- YOUR TASK: Wherever a line in the data below holds "recombines", copy that line.

- INPUT RECORDS:
(* Let $k\ge2$ and let $u_1,\dots,u_k,v_1,\dots,v_k$ be nonnegative integers with $$u_1<u_2<v_1<u_3<v_2<u_4<v_3<\dots<u_k<v_{k-1}<v_k.$$ Then $$\det F_{\mathbf u,\mathbf v}=(-y)^{\sum_{i=1}^{k-1}(v_i-u_{i+1}+1)}\,q^{\sum_{i=1}^{k-1}\left[\binom{v_i}2-\binom{u_{i+1}-1}2\right]}\cdot F_{u_2-u_1-1}(xq^{u_1},yq^{u_1},q)\,F_{v_k-v_{k-1}-1}(xq^{v_{k-1}+1},yq^{v_{k-1}+1},q)\prod_{i=1}^{k-2}F_{u_{i+2}-v_i-2}(xq^{v_i+1},yq^{v_i+1},q),$$ with the convention $F_{-1}:=0$.
   Context: $F_n(x,y,q)=\sum_{\pi}x^{s(\pi)}y^{d(\pi)}q^{rb(\pi)}$, where: - $\pi$ ranges over layered matchings of $[n]$, i.e. set partitions whose blocks are consecutive intervals $[1,i_1]/\dots/[i_{k-1}+1,n]$ of size $1$ or $2$; - $s(\pi)$ and $d(\pi)$ are the numbers of blocks of size $1$ and $2$; - for $\pi=B_1/\dots/B_k$ with $\min B_1<\dots<\min B_k$, $rb(\pi)$ is the number of pairs $(b,B_j)$ with $b\in B_i$, $j>i$, $\max B_j>b$. Equivalently, $F_0=1$, $F_1=x$, and $F_n=xq^{n-1}F_{n-1}+yq^{n-2}F_{n-2}$ for $n\ge2$. Let $F$ be the infinite matrix with rows and columns indexed by $0,1,2,\dots$. Its $(a,b)$ entry is $F_{b-a}(xq^a,yq^a,q)$ if $b\ge a$ and $0$ if $b<a$. $F_{\mathbf u,\mathbf v}$ is the $k\times k$ submatrix with rows $u_1<\dots<u_k$ and columns $v_1<\dots<v_k$. $\binom{m}{2}=m(m-1)/2$. *)

From HB Require Import structures.
From mathcomp Require Import all_boot all_order all_algebra.
Set Implicit Arguments. Unset Strict Implicit. Unset Printing Implicit Defensive.
Import Order.TTheory GRing.Theory Num.Theory.
Local Open Scope ring_scope.

(* Fpair n = (F_n, F_{n+1}) evaluated at (x, y, q). *)
Fixpoint Fpair (R : comRingType) (x y q : R) (n : nat) : R * R :=
  match n with
  | 0 => (1, x)
  | m.+1 => let: (a, b) := Fpair x y q m in
            (b, x * q ^+ m.+1 * b + y * q ^+ m * a)
  end.

Definition F (R : comRingType) (n : nat) (x y q : R) : R := (Fpair x y q n).1.

Definition Fz (R : comRingType) (n : int) (x y q : R) : R :=
  match n with
  | Posz m => F m x y q
  | Negz _ => 0
  end.

Definition Fmat_entry (R : comRingType) (x y q : R) (a b : nat) : R :=
  if (a <= b)%N then F (b - a) (x * q ^+ a) (y * q ^+ a) q else 0.

(* The k x k submatrix with rows u_1..u_k and columns v_1..v_k (1-based u, v). *)
Definition Fsub (R : comRingType) (x y q : R) (k : nat) (u v : nat -> nat)
  : 'M[R]_k :=
  \matrix_(i < k, j < k) Fmat_entry x y q (u i.+1) (v j.+1).

From HB Require Import structures.
From mathcomp Require Import all_boot all_order all_algebra.
From mathcomp Require Import ring zify.
Import Order.TTheory GRing.Theory Num.Theory.
Set Implicit Arguments. Unset Strict Implicit. Unset Printing Implicit Defensive.
Local Open Scope ring_scope.

(* Row a of F, read along the columns c, is (0, ..., 0, 1, F_1, F_2, ...) with
   the 1 in column a; the recurrence of F_n makes it a solution of the linear
   recurrence  s_(c+2) = x q^(c+1) s_(c+1) + y q^c s_c  from column a-1 on.
   For two solutions f, g of a second-order recurrence, the Casoratian
   f_c g_(c+1) - g_c f_(c+1) is multiplied by -r_c at each step, and the
   "cross" f_c g_d - g_c f_d equals the Casoratian at c times the solution
   h with h_c = 0, h_(c+1) = 1.  Applied to two rows a < b of F this gives the
   two-row minor formula [two_row_minor], the heart of the argument.

   Because of the interlacing u_1 < u_2 < v_1 < u_3 < ..., the first column of
   F_(u,v) has only two nonzero entries.  Laplace expansion along it yields two
   minors of the same interlaced shape, which by induction on k factor as
   F(u_1, u_2 - 1) times a common tail; the two-row minor formula then
   recombines them. *)

Section LinearRecurrence.
Variables (R : comPzRingType) (p r : nat -> R).

Definition solves_from (n0 : nat) (s : nat -> R) : Prop :=
  forall c, (n0 <= c)%N -> s c.+2 = p c * s c.+1 + r c * s c.

Lemma solves_from_comb n0 (a b : R) f g :
  solves_from n0 f -> solves_from n0 g ->
  solves_from n0 (fun d => a * f d + b * g d).
Proof. by move=> Hf Hg c hc /=; rewrite Hf // Hg //; ring. Qed.

Lemma solves_from_unique n0 f g c :
  solves_from n0 f -> solves_from n0 g -> (n0 <= c)%N ->
  f c = g c -> f c.+1 = g c.+1 -> forall m, f (c + m)%N = g (c + m)%N.
Proof.
move=> Hf Hg hc e0 e1 m.
suff : f (c + m)%N = g (c + m)%N /\ f (c + m)%N.+1 = g (c + m)%N.+1 by case.
elim: m => [|m [IH0 IH1]]; first by rewrite addn0; split.
have hcm : (n0 <= c + m)%N by apply: leq_trans hc (leq_addr m c).
by rewrite addnS Hf // Hg // IH0 IH1.
Qed.

Definition casoratian (f g : nat -> R) (c : nat) : R :=
  f c * g c.+1 - g c * f c.+1.

Lemma casoratian_step n0 f g c :
  solves_from n0 f -> solves_from n0 g -> (n0 <= c)%N ->
  casoratian f g c.+1 = - r c * casoratian f g c.
Proof. by move=> Hf Hg hc; rewrite /casoratian Hf // Hg //; ring. Qed.

Lemma casoratian_iter n0 f g c m :
  solves_from n0 f -> solves_from n0 g -> (n0 <= c)%N ->
  casoratian f g (c + m)%N = (\prod_(c <= i < c + m) - r i) * casoratian f g c.
Proof.
move=> Hf Hg hc; elim: m => [|m IH]; first by rewrite addn0 big_geq ?mul1r.
have hcm : (n0 <= c + m)%N by apply: leq_trans hc (leq_addr m c).
rewrite addnS (casoratian_step Hf Hg hcm) IH big_nat_recr ?leq_addr //=.
by rewrite mulrA (mulrC (- r _)).
Qed.

(* For solutions f, g, the sequence d |-> f_c g_d - g_c f_d is the solution
   vanishing at c, hence a multiple of the solution h with h_c = 0, h_(c+1) = 1;
   comparing at c + 1 identifies the factor as the Casoratian at c. *)
Lemma cross_solution n0 f g h c m :
  solves_from n0 f -> solves_from n0 g -> solves_from n0 h -> (n0 <= c)%N ->
  h c = 0 -> h c.+1 = 1 ->
  f c * g (c + m)%N - g c * f (c + m)%N = casoratian f g c * h (c + m)%N.
Proof.
move=> Hf Hg Hh hc h0 h1.
have := solves_from_unique (solves_from_comb (f c) (- g c) Hg Hf)
  (solves_from_comb (casoratian f g c) 0 Hh Hh) hc _ _ m.
rewrite /= !mul0r !addr0 !mulNr; apply.
- by rewrite h0 mulr0 (mulrC (f c)) subrr.
- by rewrite h1 mulr1.
Qed.

End LinearRecurrence.

Lemma det_first_col_two (R : comPzRingType) n (A : 'M[R]_n.+2) :
  (forall i : 'I_n.+2, (2 <= i)%N -> A i ord0 = 0) ->
  \det A = A ord0 ord0 * \det (row' ord0 (col' ord0 A))
          - A (lift ord0 ord0) ord0 * \det (row' (lift ord0 ord0) (col' ord0 A)).
Proof.
move=> A0; rewrite (expand_det_col _ ord0) !big_ord_recl big1 ?addr0; last first.
  by move=> i _; rewrite A0 // mul0r.
by rewrite /cofactor /= expr0 mul1r expr1 mulN1r mulrN.
Qed.

Section InfiniteMatrix.
Variables (R : comNzRingType) (x y q : R).
Local Notation G := (Fmat_entry x y q).

Lemma F_rec n (X Y : R) :
  F n.+2 X Y q = X * q ^+ n.+1 * F n.+1 X Y q + Y * q ^+ n * F n X Y q.
Proof. by rewrite /F /=; case: (Fpair X Y q n). Qed.

Lemma G_below a b : (b < a)%N -> G a b = 0.
Proof. by rewrite /Fmat_entry ltnNge => /negbTE ->. Qed.

Lemma G_diag a : G a a = 1.
Proof. by rewrite /Fmat_entry leqnn subnn. Qed.

(* Row a of F solves the recurrence p_c = x q^(c+1), r_c = y q^c from
   column a - 1 on: F_(n+2)(x q^a, y q^a) unfolds with exponents shifted by a. *)
Lemma G_row_solves a n : (a <= n.+1)%N ->
  solves_from (fun c => x * q ^+ c.+1) (fun c => y * q ^+ c) n (G a).
Proof.
move=> an c nc; have : (a <= c.+1)%N by apply: leq_trans an _.
rewrite leq_eqVlt ltnS => /orP [/eqP ->|ac].
  by rewrite G_diag (G_below (ltnSn c)) /Fmat_entry leqnSn subSnn mulr1 mulr0 addr0.
rewrite /Fmat_entry ac (leqW ac) (leqW (leqW ac)) !subSn ?(leqW ac) // F_rec.
rewrite -!(mulrA _ (q ^+ a)) -!exprD addnS subnKC //.
Qed.

Lemma casoratian_rows_start a b : (a < b)%N ->
  casoratian (G a) (G b) b.-1 = G a b.-1.
Proof.
move=> ab; have b0 : (0 < b)%N by apply: leq_ltn_trans ab.
have hb : (b.-1 < b)%N by rewrite prednK.
rewrite /casoratian prednK // G_diag (G_below hb).
by rewrite mulr1 mul0r subr0.
Qed.

Lemma prod_neg_yq c m :
  \prod_(c <= i < c + m) - (y * q ^+ i) =
  (- y) ^+ m * q ^+ ('C(c + m, 2) - 'C(c, 2)).
Proof.
under eq_bigr do rewrite -mulNr.
rewrite big_split /= prodr_const_nat addKn prodrXr -!bin2_sum.
by rewrite (@big_cat_nat _ _ _ c 0 (c + m)) ?leq_addr //= addKn.
Qed.

Lemma two_row_minor a b c d : (a < b)%N -> (b <= c)%N -> (c <= d)%N ->
  G a c * G b d - G b c * G a d =
  G a (b - 1) * (- y) ^+ (c - b + 1) * q ^+ ('C(c, 2) - 'C(b - 1, 2)) * G c.+1 d.
Proof.
move=> ab bc cd; have b0 : (0 < b)%N by apply: leq_ltn_trans ab.
have [ac1 bc1] : (a <= c.+1)%N /\ (b <= c.+1)%N by split; lia.
have [ab1 bb1] : (a <= b.-1.+1)%N /\ (b <= b.-1.+1)%N by split; lia.
rewrite -(subnKC cd) (cross_solution _ (G_row_solves ac1) (G_row_solves bc1)
  (G_row_solves (leqnn c.+1)) (leqnn c)) ?G_diag ?(G_below (ltnSn c)) //.
have -> : casoratian (G a) (G b) c =
    G a b.-1 * (- y) ^+ (c - b + 1) * q ^+ ('C(c, 2) - 'C(b.-1, 2)).
  have := casoratian_iter (c - b + 1) (G_row_solves ab1) (G_row_solves bb1) (leqnn _).
  rewrite prod_neg_yq casoratian_rows_start //.
  have -> : (b.-1 + (c - b + 1) = c)%N by lia.
  by move=> ->; rewrite mulrC mulrA.
by rewrite subnKC // subn1.
Qed.


Lemma F_as_entry a b : (a <= b)%N ->
  F (b - a) (x * q ^+ a) (y * q ^+ a) q = G a b.
Proof. by rewrite /Fmat_entry => ->. Qed.

Lemma Fz_as_entry a b : (a < b)%N ->
  Fz (b%:Z - a%:Z - 2) (x * q ^+ a.+1) (y * q ^+ a.+1) q = G a.+1 (b - 1).
Proof.
move=> ab; rewrite -(subnKC ab); case: (b - a.+1)%N => [|m].
  have -> : (a.+1 + 0)%:Z - a%:Z - 2 = Negz 0 by rewrite NegzE; lia.
  by rewrite addn0 subn1 /= G_below.
have -> : (a.+1 + m.+1)%:Z - a%:Z - 2 = m%:Z by lia.
by rewrite -F_as_entry ?addnS ?subn1 /= ?leq_addr // addKn.
Qed.

Definition shift (u : nat -> nat) (i : nat) : nat := u i.+1.

Definition drop_second (u : nat -> nat) (j : nat) : nat :=
  if j is j'.+2 then u j'.+3 else u j.

(* The interlacing u_1 < u_2 < v_1 < u_3 < v_2 < ... < u_k < v_(k-1) < v_k,
   for k = n + 2. *)
Definition interlaced (n : nat) (u v : nat -> nat) : Prop :=
  [/\ (u 1 < u 2)%N,
      (forall i, (1 <= i)%N -> (i <= n)%N -> (u i.+1 < v i)%N && (v i < u i.+2)%N),
      (u n.+2 < v n.+1)%N & (v n.+1 < v n.+2)%N].

Lemma interlaced_below_v1 n u v : interlaced n.+1 u v ->
  forall m, (m <= n)%N -> (v 1 < u m.+3)%N.
Proof.
case=> _ uv _ _; elim=> [|m IH] mn; first by case/andP: (uv 1%N isT isT).
case/andP: (uv m.+2 isT mn) => uv1 vu1.
exact: ltn_trans (IH (ltnW mn)) (ltn_trans uv1 vu1).
Qed.

(* The two minors of the first-column expansion are again interlaced. *)
Lemma interlaced_shift n u v :
  interlaced n.+1 u v -> interlaced n (shift u) (shift v).
Proof.
case=> _ uv uvn vvn; case/andP: (uv 1%N isT isT) => uv1 vu1.
by split=> //; [exact: ltn_trans uv1 vu1 | move=> i _ iN; apply: uv].
Qed.

Lemma interlaced_drop_second n u v :
  interlaced n.+1 u v -> interlaced n (drop_second u) (shift v).
Proof.
case=> u12 uv uvn vvn; case/andP: (uv 1%N isT isT) => uv1 vu1.
split=> //; first exact: ltn_trans u12 (ltn_trans uv1 vu1).
by case=> [|i] // _ iN; apply: uv.
Qed.

(* The factor of the determinant that remains after F(u_1, u_2 - 1);
   it does not depend on u_1. *)
Definition det_tail (n : nat) (u v : nat -> nat) : R :=
  (- y) ^+ (\sum_(1 <= i < n.+2) (v i - u i.+1 + 1))%N
  * q ^+ (\sum_(1 <= i < n.+2) ('C(v i, 2) - 'C(u i.+1 - 1, 2)))%N
  * G (v n.+1).+1 (v n.+2)
  * \prod_(1 <= i < n.+1) G (v i).+1 (u i.+2 - 1).

Lemma det_tail_ext n u u' v : (forall i, (2 <= i)%N -> u i = u' i) ->
  det_tail n u v = det_tail n u' v.
Proof.
move=> uu'; rewrite /det_tail.
congr (_ ^+ _ * _ ^+ _ * _ * _); apply: eq_big_nat => i /andP [i1 _];
  by rewrite !uu'.
Qed.

Lemma det_tail0 u v : det_tail 0 u v =
  (- y) ^+ (v 1 - u 2 + 1) * q ^+ ('C(v 1, 2) - 'C(u 2 - 1, 2)) * G (v 1).+1 (v 2).
Proof. by rewrite /det_tail !big_nat1 big_geq // mulr1. Qed.

Lemma det_tail_rec n u v : det_tail n.+1 u v =
  (- y) ^+ (v 1 - u 2 + 1) * q ^+ ('C(v 1, 2) - 'C(u 2 - 1, 2))
  * G (v 1).+1 (u 3 - 1) * det_tail n (shift u) (shift v).
Proof.
rewrite /det_tail (big_nat_recl n.+2 _ (fun i => v i - u i.+1 + 1)%N) //.
rewrite (big_nat_recl n.+2 _ (fun i => 'C(v i, 2) - 'C(u i.+1 - 1, 2))%N) //.
by rewrite (big_nat_recl n.+1 _ (fun i => G (v i).+1 (u i.+2 - 1))) // !exprD; ring.
Qed.

(* The factorisation, by induction on k: both minors of the first-column
   expansion share the tail, and the two-row minor formula recombines
   their leading factors. *)
Theorem det_Fsub_interlaced n u v : interlaced n u v ->
  \det (Fsub x y q n.+2 u v) = G (u 1) (u 2 - 1) * det_tail n u v.
Proof.
elim: n u v => [|n IH] u v Huv.
  case: Huv => u12 _ uv vv; rewrite det_first_col_two; last by case=> [[|[|i]]].
  rewrite !mxE !det_mx11 !mxE /= two_row_minor ?(ltnW uv) ?(ltnW vv) //.
  by rewrite det_tail0 !mulrA.
rewrite det_first_col_two; last first.
  case=> [[|[|i]]] //= iN _; rewrite mxE G_below //.
  exact: interlaced_below_v1 Huv i iN.
have -> : row' ord0 (col' ord0 (Fsub x y q n.+3 u v)) =
    Fsub x y q n.+2 (shift u) (shift v) by apply/matrixP=> i j; rewrite !mxE.
have -> : row' (lift ord0 ord0) (col' ord0 (Fsub x y q n.+3 u v)) =
    Fsub x y q n.+2 (drop_second u) (shift v).
  by apply/matrixP=> [[[|i] Hi] j]; rewrite !mxE.
rewrite (IH _ _ (interlaced_shift Huv)) (IH _ _ (interlaced_drop_second Huv)).
rewrite (@det_tail_ext n (drop_second u) (shift u)); last by case=> [|[|i]].
case: Huv => u12 uv _ _; case/andP: (uv 1%N isT isT) => uv1 vu1.
have v1u3 : (v 1 <= u 3 - 1)%N by lia.
rewrite det_tail_rec; move: (det_tail n (shift u) (shift v)) => T.
by rewrite !mxE /shift /= !mulrA -mulrBl two_row_minor ?(ltnW uv1) // !mulrA.
Qed.

End InfiniteMatrix.

Theorem theorem5p4 (R : comRingType) (x y q : R) (k : nat) (u v : nat -> nat) :
  (2 <= k)%N ->
  (u 1 < u 2)%N ->
  (forall i : nat, (1 <= i)%N -> (i <= k - 2)%N ->
      (u i.+1 < v i)%N && (v i < u i.+2)%N) ->
  (u k < v k.-1)%N -> (v k.-1 < v k)%N ->
  \det (Fsub x y q k u v) =
    (- y) ^+ (\sum_(1 <= i < k) (v i - u i.+1 + 1))%N
    * q ^+ (\sum_(1 <= i < k) ('C(v i, 2) - 'C(u i.+1 - 1, 2)))%N
    * F (u 2%N - u 1%N - 1) (x * q ^+ u 1%N) (y * q ^+ u 1%N) q
    * F (v k - v k.-1 - 1) (x * q ^+ (v k.-1).+1) (y * q ^+ (v k.-1).+1) q
    * \prod_(1 <= i < k.-1)
        Fz ((u i.+2)%:Z - (v i)%:Z - 2) (x * q ^+ (v i).+1) (y * q ^+ (v i).+1) q.
Proof.
case: k => [|[|n]] // _ u12 uv ukv vv.
have Huv : interlaced n u v by split=> // i i1 iN; apply: uv; rewrite ?subn2.
rewrite det_Fsub_interlaced // /det_tail /=.
rewrite subnAC F_as_entry; last lia.
rewrite -subnDA addn1 F_as_entry //.
case: (Huv) => _ uvn _ _.
under [X in _ = _ * X]eq_big_nat => i /andP [i1 iN].
  rewrite Fz_as_entry; last by case/andP: (uvn i i1 iN).
  over.
ring.
Qed.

- EXPECTED ANSWER:
   recombines them. *)
   expansion share the tail, and the two-row minor formula recombines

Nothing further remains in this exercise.